Nanotechnology Now

Our NanoNews Digest Sponsors



Heifer International

Wikipedia Affiliate Button


android tablet pc

Home > Press > Hydrogen and inert species improve solid phase epitaxy of Ge on Si

(Color online) Comparison of Raman measurements of Ge layers deposited in vacuum (red, solid line) and deposited under N2 flux (blue, solid line with squares). For the vacuum deposited Ge layer, Ge–Ge stretch is observed, indicating the presence of structural ordering in the film. For the layer deposited under N2 flux no Ge–Ge stretch is visible, indicating complete disordering.
(Color online) Comparison of Raman measurements of Ge layers deposited in vacuum (red, solid line) and deposited under N2 flux (blue, solid line with squares). For the vacuum deposited Ge layer, Ge–Ge stretch is observed, indicating the presence of structural ordering in the film. For the layer deposited under N2 flux no Ge–Ge stretch is visible, indicating complete disordering.

Abstract:
Imec has shown that the presence of hydrogen and/or inert species during Ge deposition significantly improves the quality of the Ge layers grown on Si by solid phase epitaxy (SPE). The resulting layers have excellent crystalline quality and low surface roughness, making SPE a valuable alternative for conventional heteroepitaxy which is performed typically at much higher temperatures. High-quality Ge layers on Si are needed to explore the potential of Ge MOS devices for high-performance applications, or for extending conventional Si electronics.

Hydrogen and inert species improve solid phase epitaxy of Ge on Si

The Netherlands | Posted on April 21st, 2010

Imec has demonstrated that the presence of atomic hydrogen during Ge deposition at low temperatures favors the formation of smooth and high-quality Ge layers on Si by SPE. A similar observation is made when molecular hydrogen, molecular nitrogen or chemical inert atoms or molecules are added during deposition. This results in high-quality single-crystalline Ge layers with surface roughness of only 0.4nm root mean square. In absence of these species, Ge layers grown by SPE exhibit low crystalline quality. The availability of high-quality thin Ge layers on Si is indispensible for the research on Ge and Ge/III-V devices. Ge on Si can potentially replace Si CMOS for high-performance applications and extends conventional Si electronics for e.g. optoelectronic applications.
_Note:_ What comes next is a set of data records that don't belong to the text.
(* Let $D=(V,A,w)$ be a weighted digraph and let $R\in\mathcal{B}(D)$. Then $\mathrm{mac}(D)\ge\frac{w(D)}{4}+\frac{w(R)}{4}$.
   Context: A weighted digraph $D=(V,A,w)$ is a digraph without loops or parallel arcs (opposite arcs allowed) with weights $w:A\to\mathbb{R}_{\ge0}$; $w(H)$ is the total arc weight of a subgraph $H$. For a partition $(X,Y)$ of $V$, $w(X,Y)$ is the total weight of arcs from $X$ to $Y$, and $\mathrm{mac}(D)=\max_{(X,Y)}w(X,Y)$. A subdigraph is connected if its underlying undirected graph is connected. $\mathcal{B}(D)$ denotes the set of bipartite subdigraphs $R$ of $D$ such that for every connected component $R_1$ of $R$ with bipartition $(X_1,Y_1)$, both $X_1$ and $Y_1$ are independent sets in $D$ (no arc of $D$ has both ends in $X_1$, nor both ends in $Y_1$). *)

From mathcomp Require Import all_boot all_order all_algebra.
Set Implicit Arguments. Unset Strict Implicit. Unset Printing Implicit Defensive.
Import Order.TTheory GRing.Theory Num.Theory.
Local Open Scope ring_scope.

(* A weighted digraph D = (V, A, w): V a finite type, A : rel V the arc
   relation (A x y = there is an arc x -> y), irreflexive (no loops);
   parallel arcs are impossible by construction, opposite arcs allowed.
   w : V -> V -> R gives the weight of arc (x,y), required >= 0 on arcs;
   its values on non-arcs are irrelevant. *)

Definition weighted_digraph (R : realFieldType) (V : finType)
  (A : rel V) (w : V -> V -> R) : Prop :=
  irreflexive A /\ (forall x y, A x y -> 0 <= w x y).

Definition wtot (R : realFieldType) (V : finType) (B : rel V) (w : V -> V -> R) : R :=
  \sum_(x : V) \sum_(y : V | B x y) w x y.

Definition wcut (R : realFieldType) (V : finType) (A : rel V) (w : V -> V -> R)
  (X Y : {set V}) : R :=
  \sum_(x in X) \sum_(y in Y | A x y) w x y.

Definition mac (R : realFieldType) (V : finType) (A : rel V) (w : V -> V -> R) : R :=
  \big[Num.max/wcut A w set0 (~: set0)]_(X : {set V}) wcut A w X (~: X).

Definition subdigraph (V : finType) (A : rel V) (VR : {set V}) (AR : rel V) : Prop :=
  forall x y, AR x y -> [&& A x y, x \in VR & y \in VR].

Definition und (V : finType) (AR : rel V) : rel V := fun x y => AR x y || AR y x.

Definition independent (V : finType) (A : rel V) (X : {set V}) : Prop :=
  forall x y, x \in X -> y \in X -> ~~ A x y.

(* R = (VR, AR) in B(D): R is a bipartite subdigraph, witnessed by a proper
   2-colouring c of R (every arc of R joins the two colour classes), such that
   for every connected component C of R (the set of vertices connected to some
   x in VR in the underlying graph of R), the two sides of its bipartition,
   C with colour true and C with colour false, are independent in D. *)
Definition in_B (V : finType) (A : rel V) (VR : {set V}) (AR : rel V) : Prop :=
  subdigraph A VR AR /\
  exists c : V -> bool,
    (forall x y, AR x y -> c x != c y) /\
    (forall x, x \in VR ->
       independent A [set y | connect (und AR) x y & c y] /\
       independent A [set y | connect (und AR) x y & ~~ c y]).

From mathcomp Require Import all_boot all_order all_algebra zify lra.
Import Order.TTheory GRing.Theory Num.Theory.
Local Open Scope ring_scope.

(* Proof idea (a derandomized random-signing argument).  Let c be the
   2-colouring of R from the definition of B(D), and pick in every connected
   component of (the underlying graph of) R a root r(v).  For every sign vector
   b : V -> bool put X_b = {v | b(r v) xor c v}, i.e. each component keeps or
   swaps its two colour classes independently.  An arc x -> y of D inside one
   component joins different colours (the colour classes are independent in
   D), so it is cut by a uniform X_b with probability 1/2; an arc between two
   components is cut with probability 1/4.  Arcs of R lie inside components,
   hence the expected cut is at least w(D)/4 + w(R)/4, and so is mac(D). *)

Section SignVectors.

Variable V : finType.

Definition flip (k : V) (b : {ffun V -> bool}) : {ffun V -> bool} :=
  [ffun z => if z == k then ~~ b z else b z].

Local Notation coord k u := [set b : {ffun V -> bool} | b k == u].

Lemma flipK (k : V) : involutive (flip k).
Proof. by move=> b; apply/ffunP=> z; rewrite !ffunE; case: eqP => // _; rewrite negbK. Qed.

Lemma flip_at (k : V) (b : {ffun V -> bool}) : flip k b k = ~~ b k.
Proof. by rewrite ffunE eqxx. Qed.

Lemma flip_off (k z : V) (b : {ffun V -> bool}) : z != k -> flip k b z = b z.
Proof. by move=> zk; rewrite ffunE (negPf zk). Qed.

Lemma card_fix_coord (S : {set {ffun V -> bool}}) (k : V) (u : bool) :
  flip k @^-1: S = S ->
  (2 * #|S :&: coord k u| = #|S|)%N.
Proof.
move=> flipS.
have swap : flip k @^-1: (S :&: coord k u) = S :\: coord k u.
  apply/setP=> b; rewrite !inE flip_at.
  have -> : (flip k b \in S) = (b \in S) by rewrite -{2}flipS inE.
  by rewrite andbC; case: (b k); case: u.
have := cardsID (coord k u) S.
rewrite -swap card_preimset; last exact: can_inj (flipK k).
by rewrite mul2n -addnn.
Qed.

Lemma card_sign1 (i : V) (u : bool) :
  (2 * #|coord i u| = #|{ffun V -> bool}|)%N.
Proof.
rewrite -cardsT -(setTI (coord i u)) card_fix_coord //.
by apply/setP=> b; rewrite !inE.
Qed.

Lemma card_sign2 (i j : V) (u v : bool) : i != j ->
  (4 * #|[set b : {ffun V -> bool} | (b i == u) && (b j == v)]|
     = #|{ffun V -> bool}|)%N.
Proof.
move=> ij.
have stable : flip j @^-1: coord i u = coord i u.
  by apply/setP=> b; rewrite !inE flip_off.
have pair : coord i u :&: coord j v
        = [set b : {ffun V -> bool} | (b i == u) && (b j == v)].
  by apply/setP=> b; rewrite !inE.
by rewrite -(card_sign1 i u) -(card_fix_coord _ _ v stable) pair mulnA.
Qed.

End SignVectors.

Section CutAveraging.

Variables (R : realFieldType) (V : finType) (A : rel V) (w : V -> V -> R).

Lemma wcut_le_mac (X : {set V}) : wcut A w X (~: X) <= mac A w.
Proof. by rewrite /mac; apply: (le_bigmax _ (fun X : {set V} => wcut A w X (~: X))). Qed.

Lemma wcut_arcwise (X : {set V}) :
  wcut A w X (~: X) =
  \sum_x \sum_(y | A x y) w x y * ((x \in X) && (y \notin X))%:R.
Proof.
rewrite /wcut big_mkcond; apply: eq_bigr => x _.
case: (x \in X) => /=; last by rewrite big1 // => y _; rewrite mulr0.
rewrite big_mkcondl; apply: eq_bigr => y _.
by rewrite inE; case: (y \in X); rewrite ?mulr1 ?mulr0.
Qed.

Lemma sum_wcut (T : finType) (X : T -> {set V}) :
  \sum_t wcut A w (X t) (~: X t) =
  \sum_x \sum_(y | A x y)
     w x y * #|[set t | (x \in X t) && (y \notin X t)]|%:R.
Proof.
under eq_bigr do rewrite wcut_arcwise.
rewrite exchange_big; apply: eq_bigr => x _.
rewrite exchange_big; apply: eq_bigr => y _.
rewrite -mulr_sumr -sum1_card natr_sum [in RHS]big_mkcond; congr (_ * _).
by apply: eq_bigr => t _; rewrite inE; case: (_ && _).
Qed.

Lemma wtot_add_sub (B : rel V) : subrel B A ->
  wtot A w + wtot B w = \sum_x \sum_(y | A x y) w x y * (1 + B x y)%:R.
Proof.
move=> BA; rewrite /wtot -big_split; apply: eq_bigr => x _ /=.
rewrite big_mkcond [X in _ + X]big_mkcond [in RHS]big_mkcond -big_split.
apply: eq_bigr => y _ /=.
case Bxy: (B x y); first by rewrite (BA _ _ Bxy) natrD mulrDr mulr1.
by case: (A x y); rewrite addr0 ?mulr1.
Qed.

Lemma mac_ge_average (T : finType) (X : T -> {set V}) (B : rel V) :
  (forall x y, A x y -> 0 <= w x y) -> subrel B A -> (0 < #|T|)%N ->
  (forall x y, A x y ->
     #|T| * (1 + B x y) <= 4 * #|[set t | (x \in X t) && (y \notin X t)]|)%N ->
  wtot A w / 4%:R + wtot B w / 4%:R <= mac A w.
Proof.
move=> wpos BA T_gt0 often_cut.
have avg : \sum_t wcut A w (X t) (~: X t) <= #|T|%:R * mac A w.
  rewrite mulr_natl -sumr_const; apply: ler_sum => t _; exact: wcut_le_mac.
have total :
    #|T|%:R * (wtot A w + wtot B w) <= 4%:R * \sum_t wcut A w (X t) (~: X t).
  rewrite wtot_add_sub // sum_wcut !mulr_sumr; apply: ler_sum => x _.
  rewrite !mulr_sumr; apply: ler_sum => y Axy.
  rewrite mulrCA [X in _ <= X]mulrCA; apply: ler_wpM2l; first exact: wpos.
  by rewrite -!natrM ler_nat; apply: often_cut.
have N_gt0 : 0 < #|T|%:R :> R by rewrite ltr0n.
nra.
Qed.

End CutAveraging.

Section ComponentSigning.

Variables (V : finType) (r : V -> V) (c : V -> bool).

(* The side chosen by the sign vector b: the class (b (r v) (+) c v) of v, so
   that all vertices with the same root r v are kept or swapped together. *)
Definition signed_side (b : {ffun V -> bool}) : {set V} :=
  [set v | b (r v) (+) c v].

Lemma card_signed_cut (x y : V) : (r x = r y -> c x != c y) ->
  (#|{ffun V -> bool}| * (1 + (r x == r y)) <=
     4 * #|[set b | (x \in signed_side b) && (y \notin signed_side b)]|)%N.
Proof.
move=> colours; case: eqVneq => [same | diff].
  have cy : c y = ~~ c x by move: (colours same); case: (c x); case: (c y).
  have -> : [set b | (x \in signed_side b) && (y \notin signed_side b)] =
            [set b : {ffun V -> bool} | b (r x) == ~~ c x].
    by apply/setP=> b; rewrite !inE -same cy; case: (b (r x)); case: (c x).
  by rewrite -(card_sign1 _ (r x) (~~ c x)); lia.
have -> : [set b | (x \in signed_side b) && (y \notin signed_side b)] =
          [set b : {ffun V -> bool} | (b (r x) == ~~ c x) && (b (r y) == c y)].
  by apply/setP=> b; rewrite !inE; case: (b (r x)); case: (b (r y));
     case: (c x); case: (c y).
by rewrite -(card_sign2 _ _ _ (~~ c x) (c y) diff); lia.
Qed.

End ComponentSigning.

(* In a member (VR, AR) of B(D) with colouring c, an arc of D between two
   vertices of the same component of R joins different colours: either the
   component is a single vertex outside VR (and D has no loops), or both ends
   lie in one side of the component's bipartition, which is independent. *)
Lemma in_B_arc_colours (V : finType) (A : rel V) (VR : {set V}) (AR : rel V)
    (c : V -> bool) (x y : V) :
  irreflexive A -> subdigraph A VR AR ->
  (forall z, z \in VR ->
     independent A [set v | connect (und AR) z v & c v] /\
     independent A [set v | connect (und AR) z v & ~~ c v]) ->
  A x y -> connect (und AR) x y -> c x != c y.
Proof.
move=> irrA subR indep Axy xy.
have [xVR | xVR] := boolP (x \in VR); last first.
  case/connectP: xy => [[|z p] /=]; first by move=> _ yx; rewrite yx irrA in Axy.
  by case/andP => /orP[] /subR /and3P[_ h1 h2]; rewrite ?h1 ?h2 in xVR.
have [indT indF] := indep x xVR.
apply/negP => /eqP cxy; case cx: (c x).
  by move: (indT x y); rewrite !inE connect0 xy -cxy cx Axy => /(_ isT isT).
by move: (indF x y); rewrite !inE connect0 xy -cxy cx Axy => /(_ isT isT).
Qed.

Theorem mainTheorem4 (R : realFieldType) (V : finType) (A : rel V)
  (w : V -> V -> R) (VR : {set V}) (AR : rel V) :
  weighted_digraph A w ->
  in_B A VR AR ->
  mac A w >= wtot A w / 4%:R + wtot AR w / 4%:R.
Proof.
move=> [irrA wpos] [subR [c [_ indep]]].
have sym : connect_sym (und AR).
  by apply: sym_connect_sym => x y; rewrite /und orbC.
pose r := fingraph.root (und AR).
have ARA : subrel AR A by move=> x y /subR /and3P[].
have AR_root x y : AR x y -> r x = r y.
  by move=> ARxy; apply/(fingraph.rootP sym)/connect1; rewrite /und ARxy.
apply: (mac_ge_average _ _ _ _ _ (signed_side _ r c) AR) => //.
  by apply/card_gt0P; exists [ffun=> true].
move=> x y Axy; apply: leq_trans (card_signed_cut _ r c x y _).
  apply: leq_mul => //; rewrite leq_add2l; case ARxy: (AR x y) => //.
  by rewrite (AR_root _ _ ARxy) eqxx.
move=> /(fingraph.rootP sym).
exact: (in_B_arc_colours _ _ _ _ c x y irrA subR indep Axy).
Qed.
In case of SPE, an amorphous layer is deposited on a crystalline substrate using methods such as (plasma enhanced) chemical vapor deposition ((PE)CVD) or ultrahigh vacuum (UHV) deposition. Subsequent annealing of the structure initiates crystallization at the interface, which continues towards the surface. In this way, an epitaxial layer can be formed on the substrate. SPE allows straightforward deposition of Ge on Si. Conventional heteroepitaxial growth on the contrary requires additional steps in order to reduce surface roughness.
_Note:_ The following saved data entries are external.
(* Let $A$ be a ring for which every element is a sum of units. Then $A$ is the only factroid of $A$ that contains a left-regular element. Thus, if $A$ is moreover an integral domain, then the only factroids of $A$ are $\{0\}$ and $A$.
   Context: Rings are unital, not necessarily commutative. $\mathrm{reg}(A)$ denotes the set of left-regular elements (left nonzerodivisors) of $A$. A factroid of $A$ is an additive subgroup $F$ of $A$ such that for all $a\in A$ and $b\in\mathrm{reg}(A)$, $ba\in F$ implies $a\in F$. *)

From HB Require Import structures.
From mathcomp Require Import all_boot all_order all_algebra.
Set Implicit Arguments. Unset Strict Implicit. Unset Printing Implicit Defensive.
Import GRing.Theory.
Local Open Scope ring_scope.

Definition is_unit (A : pzRingType) (u : A) : Prop :=
  exists v : A, u * v = 1 /\ v * u = 1.

Definition sum_of_units (A : pzRingType) (a : A) : Prop :=
  exists s : seq A, (forall u, u \in s -> is_unit u) /\ a = \sum_(u <- s) u.

(* left-regular element: b * a = 0 -> a = 0, i.e. left multiplication by b injective *)
Definition left_regular (A : pzRingType) (b : A) : Prop := GRing.lreg b.

Definition additive_subgroup (A : pzRingType) (F : A -> Prop) : Prop :=
  F 0 /\ (forall x y, F x -> F y -> F (x - y)).

Definition factroid (A : pzRingType) (F : A -> Prop) : Prop :=
  additive_subgroup F /\
  (forall a b : A, left_regular b -> F (b * a) -> F a).

Definition integral_domain (A : pzRingType) : Prop :=
  (1 : A) <> 0 /\ (forall x y : A, x * y = y * x) /\
  (forall x y : A, x * y = 0 -> x = 0 \/ y = 0).

From HB Require Import structures.
From mathcomp Require Import all_boot all_order all_algebra.
From Stdlib Require Import Classical.
Import GRing.Theory.
Local Open Scope ring_scope.

(* If b is left-regular and lies in a factroid F, then every unit u lies in F:
   with v its inverse, b * v is again left-regular and (b * v) * u = b is in F.
   Being an additive subgroup, F then contains every sum of units.  In an
   integral domain every nonzero element is left-regular, so a factroid is
   either {0} or contains a left-regular element. *)

Lemma additive_subgroupD (A : pzRingType) (F : A -> Prop) :
  additive_subgroup F -> forall x y, F x -> F y -> F (x + y).
Proof.
move=> [F0 FB] x y Fx Fy.
by have := FB x (0 - y) Fx (FB 0 y F0 Fy); rewrite sub0r opprK.
Qed.

Lemma additive_subgroup_sum (A : pzRingType) (F : A -> Prop) (s : seq A) :
  additive_subgroup F -> (forall u, u \in s -> F u) -> F (\sum_(u <- s) u).
Proof.
move=> FG Fs; rewrite big_seq.
by apply: big_ind => //; [case: FG | exact: additive_subgroupD].
Qed.

Lemma lreg_unit (A : pzRingType) (u : A) : is_unit u -> left_regular u.
Proof. by case=> v [_ vu]; apply: (@GRing.lregMl _ v); rewrite vu; apply: lreg1. Qed.

Lemma factroid_unit (A : pzRingType) (F : A -> Prop) (b u : A) :
  factroid F -> left_regular b -> F b -> is_unit u -> F u.
Proof.
move=> [_ Freg] rb Fb [v [uv vu]].
apply: (Freg u (b * v)); last by rewrite -mulrA vu mulr1.
by apply: (lregM rb); apply: lreg_unit; exists u.
Qed.

Lemma factroid_lreg_full (A : pzRingType) (F : A -> Prop) :
  (forall a : A, sum_of_units a) -> factroid F ->
  (exists b : A, left_regular b /\ F b) -> forall x : A, F x.
Proof.
move=> hA FF [b [rb Fb]] x; have [s [s_units ->]] := hA x.
apply: additive_subgroup_sum; first by case: FF.
by move=> u /s_units; apply: factroid_unit rb Fb.
Qed.

Lemma lreg_no_zero_divisors (A : pzRingType) (b : A) :
  (forall x y : A, x * y = 0 -> x = 0 \/ y = 0) -> b <> 0 -> left_regular b.
Proof.
move=> hdiv nb x y bxy; apply/eqP; rewrite -subr_eq0; apply/eqP.
have : b * (x - y) = 0 by rewrite mulrBr bxy subrr.
by case/hdiv.
Qed.

Theorem theorem4p12 (A : pzRingType)
  (hA : forall a : A, sum_of_units a) :
  (forall F : A -> Prop, factroid F ->
     (exists b : A, left_regular b /\ F b) -> forall x : A, F x) /\
  (integral_domain A ->
     forall F : A -> Prop, factroid F ->
       (forall x : A, F x <-> x = 0) \/ (forall x : A, F x)).
Proof.
split=> [F|[_ [_ hdiv]] F FF]; first exact: factroid_lreg_full.
have [[x [Fx nx]]|F_zero] := classic (exists x, F x /\ x <> 0).
  right; apply: factroid_lreg_full => //.
  by exists x; split=> //; apply: lreg_no_zero_divisors.
left=> x; split=> [Fx|->]; last by case: FF => [[]].
by apply: NNPP => nx; apply: F_zero; exists x.
Qed.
Typically, PECVD using germane (GeH4) molecules is used to deposit the initial amorphous Ge layer. In this case, atomic hydrogen is inherently present and can influence the crystallization process in many ways. Imec's research shows that atomic hydrogen plays an important role during Ge deposition as it lowers the surface mobility of adsorbed Ge atoms and consequently increases the disorder of the deposited layer. Such a disordered layer is highly beneficial for SPE where crystallization has to start at the interface before it starts in the bulk. Atomic hydrogen is also incorporated into the growing layer, but it does not affect the crystallization process. A similar explanation can be given when fluxes of H2, N2 or chemical inert species are added during deposition by UHV. They also reduce the surface mobility and thereby the structural ordering of the Ge layers. In contrast to atomic hydrogen, these atoms are not incorporated into the growing film. The Ge deposition is performed at low temperatures (typically 150°C), subsequent crystallization is done by thermal annealing at 600°C in an N2 atmosphere for one minute. Annealing temperatures as low as 400°C can be applied. The low temperatures present an important advantage with respect to conventional heteroepitaxy, which is typically performed at much higher temperatures.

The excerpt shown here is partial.